Spoiler alert: It's not in Los Angeles, where Hollywood itself is, but rather on the opposite coast. Central Park in New York City is the world's most-filmed location. Spread out over 840 acres, the park is a big green oasis in the middle of a concrete jungle. If you look at a map of Upper Manhattan, you'd see Central Park taking up the whole center, between the city's Upper West Side and Upper East Side. Even digitally, the park is a place that requires a bit of scrolling the more you zoom in on it in Google Maps.
Let's go through some of the films and TV shows where Central Park has appeared — you might be surprised at just how many there are — along with some real-life things you can do there.
Where you've seen Central Park onscreen
The cinematic history of Central Park goes back over 100 years to the first American silent film adaptation of William Shakespeare's "Romeo and Juliet" in 1908. Though the film itself is now lost, its shooting location can be found in Bethesda Terrace on the north side of the Central Park Mall. With six decades of free public performances by esteemed actors like Meryl Streep and Al Pacino, Shakespeare in the Park is an enduring tradition, hosted every summer in the park's open-air Delacorte Theater.
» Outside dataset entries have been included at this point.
(* Let $\mathcal A(z)$, $\mathcal I$ be as in the context. The spectral abscissa $\zeta(\mathcal A(s))$ is a convex function of $s\in\mathcal I$ and satisfies $\zeta(\mathcal A(0))\le 0$. If $\zeta(\mathcal A(0))<0$, then the equation $\zeta(\mathcal A(s))=0$ admits at most one positive solution $s=\alpha\in\mathcal I$ and at most one negative solution $s=-\beta\in\mathcal I$.
   Context: Let $\mathcal N=\{1,\dots,N\}$. Let $\Pi=(\pi_{nn'})$ be an $N\times N$ infinitesimal generator matrix (nonnegative off-diagonal entries, zero row sums). Let $\Psi(z)$ be diagonal with entries $\psi_n(z)$, each a Lévy exponent $\psi_n(z)=\log E(e^{zL^{(n)}_1})$ of a Lévy process $L^{(n)}$. Let $\Upsilon(z)$ have diagonal entries $1$ and off-diagonal entries $\upsilon_{nn'}(z)$, each the MGF $E(e^{zX_{nn'}})$ of a real random variable ($\upsilon_{nn'}\equiv1$ when $\pi_{nn'}=0$). The domain of an MGF of $X$ is $\{z\in\mathbb C:E(e^{(\operatorname{Re}z)X})<\infty\}$; let $\mathcal S$ be the intersection of the domains of all $\psi_n$ and $\upsilon_{nn'}$ and $\mathcal I=\{\operatorname{Re}z:z\in\mathcal S\}$. Let $\Phi$ be diagonal with nonnegative entries $\phi_n$. Set $\mathcal A(z)=\Psi(z)+\Pi\odot\Upsilon(z)-\Phi$ for $z\in\mathcal S$, with $\odot$ the entrywise product. $\zeta(A)$ denotes the spectral abscissa: the maximum of the real parts of the eigenvalues of $A$. *)

From HB Require Import structures.
From mathcomp Require Import all_boot all_order all_algebra.
From mathcomp Require Import all_classical all_reals all_analysis.
From mathcomp Require complex.
Import complex.ComplexField.
Set Implicit Arguments. Unset Strict Implicit. Unset Printing Implicit Defensive.
Import Order.TTheory GRing.Theory Num.Theory.
Import numFieldNormedType.Exports.
Local Open Scope classical_set_scope.
Local Open Scope ring_scope.

Section Defs.
Context (R : realType) (d : measure_display) (T : measurableType d)
  (P : probability T R).

Definition mgf (X : T -> R) (s : R) : \bar R :=
  (\int[P]_x (expR (s * X x))%:E)%E.

Definition in_mgf_domain (X : T -> R) (s : R) : Prop := (mgf X s < +oo)%E.

(** log E(e^{s X}) (meaningful for s in the domain). *)
Definition log_mgf (X : T -> R) (s : R) : R := ln (fine (mgf X s)).

Definition levy_process (L : R -> T -> R) : Prop :=
  [/\ (forall t, 0 <= t -> measurable_fun setT (L t)),
      P [set x | L 0 x = 0] = 1%E,
      (forall s t (B : set R), 0 <= s -> s <= t -> measurable B ->
         P [set x | B (L t x - L s x)] = P [set x | B (L (t - s) x)]),
      (forall (k : nat) (t : nat -> R) (B : nat -> set R),
         0 <= t 0%N -> (forall i, t i <= t i.+1) ->
         (forall i, measurable (B i)) ->
         P (\bigcap_(i in [set j | (j < k)%N]) [set x | B i (L (t i.+1) x - L (t i) x)])
         = (\prod_(i < k) P [set x | B i (L (t i.+1) x - L (t i) x)%R])%E) &
      (forall eps : R, 0 < eps ->
         (fun h => fine (P [set x | eps < `|L h x|])) @ 0^'+ --> (0 : R))].

Definition levy_exponent (L : R -> T -> R) (s : R) : R := log_mgf (L 1) s.

End Defs.

(** Spectral abscissa of a real square matrix: the maximum of the real parts
    of its (complex) eigenvalues (the set is finite and nonempty for n > 0,
    so its supremum is this maximum). *)
Definition spectral_abscissa (R : realType) (n : nat) (M : 'M[R]_n) : R :=
  sup [set complex.Re lam | lam in
        [set lam : complex.complex (R : rcfType) |
           @eigenvalue (complex.complex (R : rcfType)) n
             (map_mx (fun r : R => complex.Complex r 0) M) lam]].

Definition Amat (R : realType) (d : measure_display) (T : measurableType d)
  (P : probability T R) (N : nat) (L : 'I_N -> R -> T -> R)
  (X : 'I_N -> 'I_N -> T -> R) (Pi : 'M[R]_N) (phi : 'I_N -> R) (s : R)
  : 'M[R]_N :=
  let Psi := diag_mx (\row_n levy_exponent P (L n) s) in
  let Ups := \matrix_(n, n') (if n == n' then 1
                              else if Pi n n' == 0 then 1
                              else fine (mgf P (X n n') s)) in
  let Phi := diag_mx (\row_n phi n) in
  Psi + map2_mx *%R Pi Ups - Phi.

(** The set I of real parts of the common domain S. *)
Definition Idom (R : realType) (d : measure_display) (T : measurableType d)
  (P : probability T R) (N : nat) (L : 'I_N -> R -> T -> R)
  (X : 'I_N -> 'I_N -> T -> R) (Pi : 'M[R]_N) : set R :=
  [set s | (forall n, in_mgf_domain P (L n 1) s) /\
           (forall n n', n != n' -> Pi n n' != 0 -> in_mgf_domain P (X n n') s)].

(* Kingman's argument.  For a Metzler matrix M, a positive vector z with M z <= c z
   bounds the real part of every eigenvalue by c, and conversely every c above the
   spectral abscissa admits a positive z with M z < c z.  The diagonal entries of A(s)
   are convex in s (Lévy exponents are log-MGFs) and the off-diagonal ones are zero or
   log-convex (MGFs, by Hölder).  So if x and y are positive vectors that are
   subinvariant for A(s) and A(t), the weighted AM-GM inequality makes their geometric
   mean x^lam y^(1-lam) subinvariant for A(lam s + (1-lam) t) at the level
   lam c_s + (1-lam) c_t.  A(0) = Pi - Phi has nonpositive row sums, so its spectral
   abscissa is nonpositive, and a convex function that is negative at 0 vanishes at
   most once on each side of 0. *)

From HB Require Import structures.
From mathcomp Require Import all_boot all_order all_algebra.
From mathcomp Require Import all_classical all_reals all_analysis.
From mathcomp Require Import measurable_realfun.
From mathcomp Require complex.
From mathcomp Require Import lra ring.
Import Order.TTheory GRing.Theory Num.Theory.
Import complex.ComplexField complex.
Set Implicit Arguments. Unset Strict Implicit. Unset Printing Implicit Defensive.
Local Open Scope classical_set_scope.
Local Open Scope ring_scope.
Since "Romeo and Juliet," Central Park has appeared in over 300 films. This includes Oscar-winning films like "The Apartment," starring Jack Lemmon and Shirley MacLaine, and crowd-pleasers like "Ghostbusters," where the park becomes the site of a nighttime Terror Dog chase.
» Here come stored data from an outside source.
(* Under the standing assumptions described in the context (including (H4)–(H8)), the predictor–corrector method is consistent: for every partition satisfying (H4) with step $h$, $$\max_{0\le n\le N}\frac{|\tau_{n+1}|}{h}\le \tfrac12H^2h+\tfrac12K_2H^3h^2,$$ and consequently $\max_{0\le n\le N}|\tau_{n+1}|/h\to0$ as $h\to0$ (along partitions satisfying (H4) with the same constants $H,K_2$).
   Context: Let $T>0$ and let $g:[0,T]\to[0,\infty)$ be increasing, left-continuous, continuous at $0$, with a finite set $D_g\subset(0,T)$ of discontinuity points; $\Delta^+\varphi(t)=\varphi(t^+)-\varphi(t)$; $g^B(t)=\sum_{s\in[0,t)}\Delta^+g(s)$, $g^C=g-g^B$; $\mu_g$ is the Lebesgue–Stieltjes measure with $\mu_g([c,d))=g(d)-g(c)$. For $u:[0,T]\to\mathbb R$ the Stieltjes derivative at $t$ is $u'_g(t)=\lim_{s\to t}\frac{u(s)-u(t)}{g(s)-g(t)}$ if $t\notin D_g$ and $u'_g(t)=\frac{u(t^+)-u(t)}{\Delta^+g(t)}$ if $t\in D_g$. Let $f:[0,T]\times\mathbb R\to\mathbb R$, $x_0\in\mathbb R$, and let $x$ be the solution of $x'_g(t)=f(t,x(t))$ for $\mu_g$-a.e. $t\in[0,T)$, $x(0)=x_0$; it satisfies $x(t)=x_0+\int_{[0,t)}f(s,x(s))\,\mathrm d\mu_g(s)$ for all $t\in[0,T]$. Put $f_*(x)(t)=f(t,x(t))$, $f_*^B(x)(t)=\sum_{s\in[0,t)}\Delta^+f_*(x)(s)$, $f_*^C(x)=f_*(x)-f_*^B(x)$. A function $u$ is $g$-Lipschitz with constant $H$ if $|u(t)-u(s)|\le H|g(t)-g(s)|$ for all $t,s$; $g$-continuous means: for every $t_0$ and $\epsilon>0$ there is $\delta>0$ with $|g(t)-g(t_0)|<\delta\Rightarrow|u(t)-u(t_0)|<\epsilon$. Hypotheses: (H4) $0=t_0<t_1<\dots<t_{N+1}=T$ with $t_{k+1}-t_k=h>0$ for all $k$, and $D_g\subset\{t_k\}$; $K_1=\max\{\Delta^+g(d):d\in D_g\}$. (H5) $f_*(x)$ is $g$-Lipschitz with constant $H>0$, and $f_*^C(x)$ and $g^C$ are Lipschitz with constant $H$. (H6) for every $c\in\mathbb R$, $f(\cdot,c)$ is bounded and $g$-continuous on $[0,T]$. (H7) for every $t$, $f(t,\cdot)\in C^1(\mathbb R)$ and $|\partial_x f(t,x)|<K_2$ for all $(t,x)$. (H8) for every $t\in[0,T)$ and $c$, the right limit $f(t^+,c)=\lim_{s\to t^+}f(s,c)$ exists, $f(t^+,\cdot)\in C^1(\mathbb R)$ and $|\partial_x f(t^+,x)|<K_3$ for all $(t,x)$. Notation: $x_k=x(t_k)$, $x_k^+=x(t_k^+)$. For $k=0,\dots,N$: $x^*_{k+1}=x_k^++f(t_k^+,x_k^+)(g(t_{k+1})-g(t_k^+))$ and $\tau_{k+1}=x_{k+1}-x_k^+-\tfrac12(f(t_k^+,x_k^+)+f(t_{k+1},x^*_{k+1}))(g(t_{k+1})-g(t_k^+))$. *)

From Stdlib Require Import Reals Lra List.
Open Scope R_scope.

Definition increasing_on (T : R) (g : R -> R) : Prop :=
  forall s t, 0 <= s -> s <= t -> t <= T -> g s <= g t.

Definition cont_in (T : R) (u : R -> R) (t : R) : Prop :=
  forall eps, 0 < eps -> exists del, 0 < del /\
    forall s, 0 <= s <= T -> Rabs (s - t) < del -> Rabs (u s - u t) < eps.

Definition left_cont_at (u : R -> R) (t : R) : Prop :=
  forall eps, 0 < eps -> exists del, 0 < del /\
    forall s, 0 <= s <= t -> t - s < del -> Rabs (u s - u t) < eps.

Definition rlim (T : R) (u : R -> R) (t l : R) : Prop :=
  forall eps, 0 < eps -> exists del, 0 < del /\
    forall s, t < s <= T -> s - t < del -> Rabs (u s - l) < eps.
In "Home Alone 2: Lost in New York," while staying at the nearby Plaza Hotel, Kevin McCallister (Macaulay Culkin) encounters a pigeon lady in Central Park. In "Die Hard with a Vengeance," John McClane (Bruce Willis) drives a yellow cab straight through the park as a shortcut. (You'll probably want to ask your taxi driver to go around the park and avoid aiming for mimes, as McClane does.)
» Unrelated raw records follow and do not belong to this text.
Lemma left_KLS_unique (k g g' : incid T) : (forall F, is_flat M F -> k F F = 1) ->
  in_Ihalf M g -> in_Ihalf M g' ->
  ieq (ibar M g) (conv g k) -> ieq (ibar M g') (conv g' k) -> ieq g g'.
Proof.
move=> k1 [_ g1 small_g] [_ g'1 small_g'] KLS_g KLS_g'.
apply: flat_interval_ind => F H le_FH IH; have hH := flat_le_flatr le_FH.
have [<- | nFH] := eqVneq F H; first by rewrite g1 ?g'1 // (flat_le_flatl le_FH).
apply/eqP; rewrite -subr_eq0; apply/eqP; apply: (self_recip_eq0 (r := rr F H)).
  apply: leq_trans (size_polyD _ _) _.
  by rewrite size_polyN geq_max small_g ?small_g'.
rewrite raddfB /=; change (ibar M g F H - ibar M g' F H = g F H - g' F H).
have inH : le F H && le H H by rewrite le_FH flat_le_refl.
rewrite KLS_g ?KLS_g' // /Defs.conv (bigD1 H inH) [X in _ - X](bigD1 H inH) /=.
rewrite k1 // !mulr1 opprD addrACA -sumrB big1 ?addr0 //.
move=> G /andP[/andP[le_FG le_GH] nGH].
by rewrite IH ?flat_le_refl ?(flat_le_flatl le_FH) ?nGH ?orbT // subrr.
Qed.

Lemma chi_eq : chi M =2 conv (mu_at 1) (zeta_at 'X).
Proof.
move=> F H; rewrite conv_mu_zetaE; apply: eq_bigr => G _.
by rewrite expr1n mul1r intz.
Qed.

Lemma size_chi F H : (size (chi M F H) <= (rr F H).+1)%N.
Proof. by rewrite chi_eq -[rr F H]mul1n size_conv_mu_zeta ?size_poly1 ?size_polyX. Qed.

Lemma chi_at1 F H : le F H -> F != H -> (chi M F H).[1] = 0.
Proof.
move=> le_FH nFH; rewrite /chi horner_sum.
under eq_bigr do rewrite hornerZ hornerXn expr1n mulr1.
by rewrite -rmorph_sum /= sum_mobius // (negbTE nFH).
Qed.

Lemma hbc_eq : ieq (hbc M) (conv (mu_at (- 'X)) (zeta_at (1 - 'X))).
Proof.
move=> F H le_FH; rewrite conv_mu_zetaE /hbc /chi.
rewrite [homog_one_minus_inv _ _]raddf_sum scaler_sumr.
apply: eq_bigr => G /andP[le_FG le_GH] /=; rewrite linearZ /= homog_Xn; last first.
  by rewrite -(rr_add le_FG le_GH) leq_addl.
by rewrite -(rr_add le_FG le_GH) addnK intz scalerA mulrC -scalerA sign_XsubC_exp.
Qed.

Lemma signed_chi_at_N1 :
  ieq (fun F G => ((-1) ^+ rr F G * (chi M F G).[-1])%:P)
      (conv (mu_at (-1)) (zeta_at 1)).
Proof.
move=> F H le_FH; rewrite conv_mu_zetaE /chi horner_sum mulr_sumr rmorph_sum.
apply: eq_bigr => G /andP[le_FG le_GH]; rewrite hornerZ hornerXn intz expr1n mulr1.
rewrite -(rr_add le_FG le_GH) exprD mulrACA -expr2 -exprM mulnC exprM sqrrN expr1n.
by rewrite mulr1 mulrC -mul_polyC rmorphM rmorphXn rmorphN1.
Qed.

Lemma kappa_eq : ieq (kappa_mat M) (conv (mu_at (1 - 'X)) (zeta_at ('X * ('X - 1)))).
Proof.
move=> F H le_FH.
have -> : kappa_mat M F H = scale_rank ('X - 1)
    (conv (fun F G => ((-1) ^+ rr F G * (chi M F G).[-1])%:P) (chi M)) F H.
  by congr (_ * _); apply: eq_bigr => G _; rewrite mul_polyC.
rewrite /scale_rank (conv_ieq signed_chi_at_N1 (fun F G _ => chi_eq F G)).
rewrite conv_mu_zeta_cancel // -[LHS]/(scale_rank _ _ F H) -conv_scale_rank //.
apply: conv_ieq => G1 G2 _; rewrite scale_rankM; congr (scale_rank _ _ _ _); ring.
Qed.

Lemma ibar_kappa :
  ieq (ibar M (kappa_mat M)) (conv (mu_at ('X * ('X - 1))) (zeta_at (1 - 'X))).
Proof.
move=> F H le_FH; rewrite (ibar_ieq kappa_eq) // ibar_conv_mu_zeta ?size_XXsub1 //.
  by rewrite recip2_1subX recip2_XXsub1.
exact: leq_trans size_1subX _.
Qed.

Lemma ibar_hbc : ieq (ibar M (hbc M)) (conv (mu_at (- 'X)) (zeta_at ('X * ('X - 1)))).
Proof.
move=> F H le_FH; rewrite (ibar_ieq hbc_eq) // ibar_conv_mu_zeta //.
- by rewrite recip2_NX recip2_1subX.
- exact: leq_trans size_NX _.
- exact: leq_trans size_1subX _.
Qed.

Lemma kappa_kernel : is_kernel M (kappa_mat M).
Proof.
split=> [F H le_FH | F hF | F H le_FH | F H le_FH].
- by rewrite kappa_eq // size_conv_mu_zeta ?size_XXsub1 ?(leq_trans size_1subX).
- by rewrite kappa_eq ?flat_le_refl ?conv_mu_zeta_diag.
- by rewrite (conv_ieq kappa_eq ibar_kappa) conv_mu_zeta_cancel ?mu_zeta_at.
- by rewrite (conv_ieq ibar_kappa kappa_eq) conv_mu_zeta_cancel ?mu_zeta_at.
Qed.

Lemma hbc_Ihalf : in_Ihalf M (hbc M).
Proof.
have size_hbc F H : le F H -> (size (hbc M F H) <= (rr F H).+1)%N.
  move=> le_FH; rewrite hbc_eq // -[rr F H]mul1n.
  by rewrite size_conv_mu_zeta ?size_NX ?size_1subX.
split=> [F H le_FH | F hF | F H le_FH nFH].
- by apply: leq_trans (size_hbc F H le_FH) _; rewrite ltnS /rho leq_pmull.
- by rewrite hbc_eq ?flat_le_refl ?conv_mu_zeta_diag.
- apply: size_le_coef (size_hbc F H le_FH) _.
  by rewrite coefZ coef_homog_top ?size_chi // chi_at1 // mulr0.
Qed.

Lemma hbc_KLS_eq : ieq (ibar M (hbc M)) (conv (hbc M) (kappa_mat M)).
Proof.
move=> F H le_FH.
by rewrite ibar_hbc // (conv_ieq hbc_eq kappa_eq) conv_mu_zeta_cancel.
Qed.

End FlatLattice.

Theorem proposition2p17 (T : finType) (M : matroid T) :
  is_kernel M (kappa_mat M) /\ is_left_KLS M (kappa_mat M) (hbc M).
Proof.
have kernel := kappa_kernel M; case: (kernel) => _ kappa1 _ _.
split=> //; split=> [||g Ihalf_g KLS_g]; [exact: hbc_Ihalf | exact: hbc_KLS_eq |].
exact: left_KLS_unique kappa1 Ihalf_g (hbc_Ihalf M) KLS_g (@hbc_KLS_eq _ M).
Qed.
On TV, Central Park has appeared everywhere from "Law & Order" to "Sex and the City," while New York-set blockbusters such as "Cloverfield" and "The Avengers" have kept the park alive in the imagination of moviegoers well into the 21st century.
What to do in and around Central Park
Central Park has many well-known landmarks in and around it, including museums such as the Guggenheim, the American Museum of Natural History, and the Metropolitan Museum of Art (or "Met"). The Dakota apartment building, located across the street from the park, is listed in the U.S. National Register of Historic Places. It appeared in the film "Rosemary's Baby" and is the site where John Lennon was assassinated. Fans of Lennon and The Beatles will find him memorialized nearby at Strawberry Fields in Central Park.
Within the park itself, every season is a different experience. Spring brings cherry blossoms, summer brings boating on the Lake, autumn brings colorful leaves, and winter brings ice skating at Wollman Rink. The Conservatory Garden and Central Park Zoo are open year-round, as are Belvedere Castle and Seneca Village, the latter of which is an important site with information about the area's pre-park history as a Black community.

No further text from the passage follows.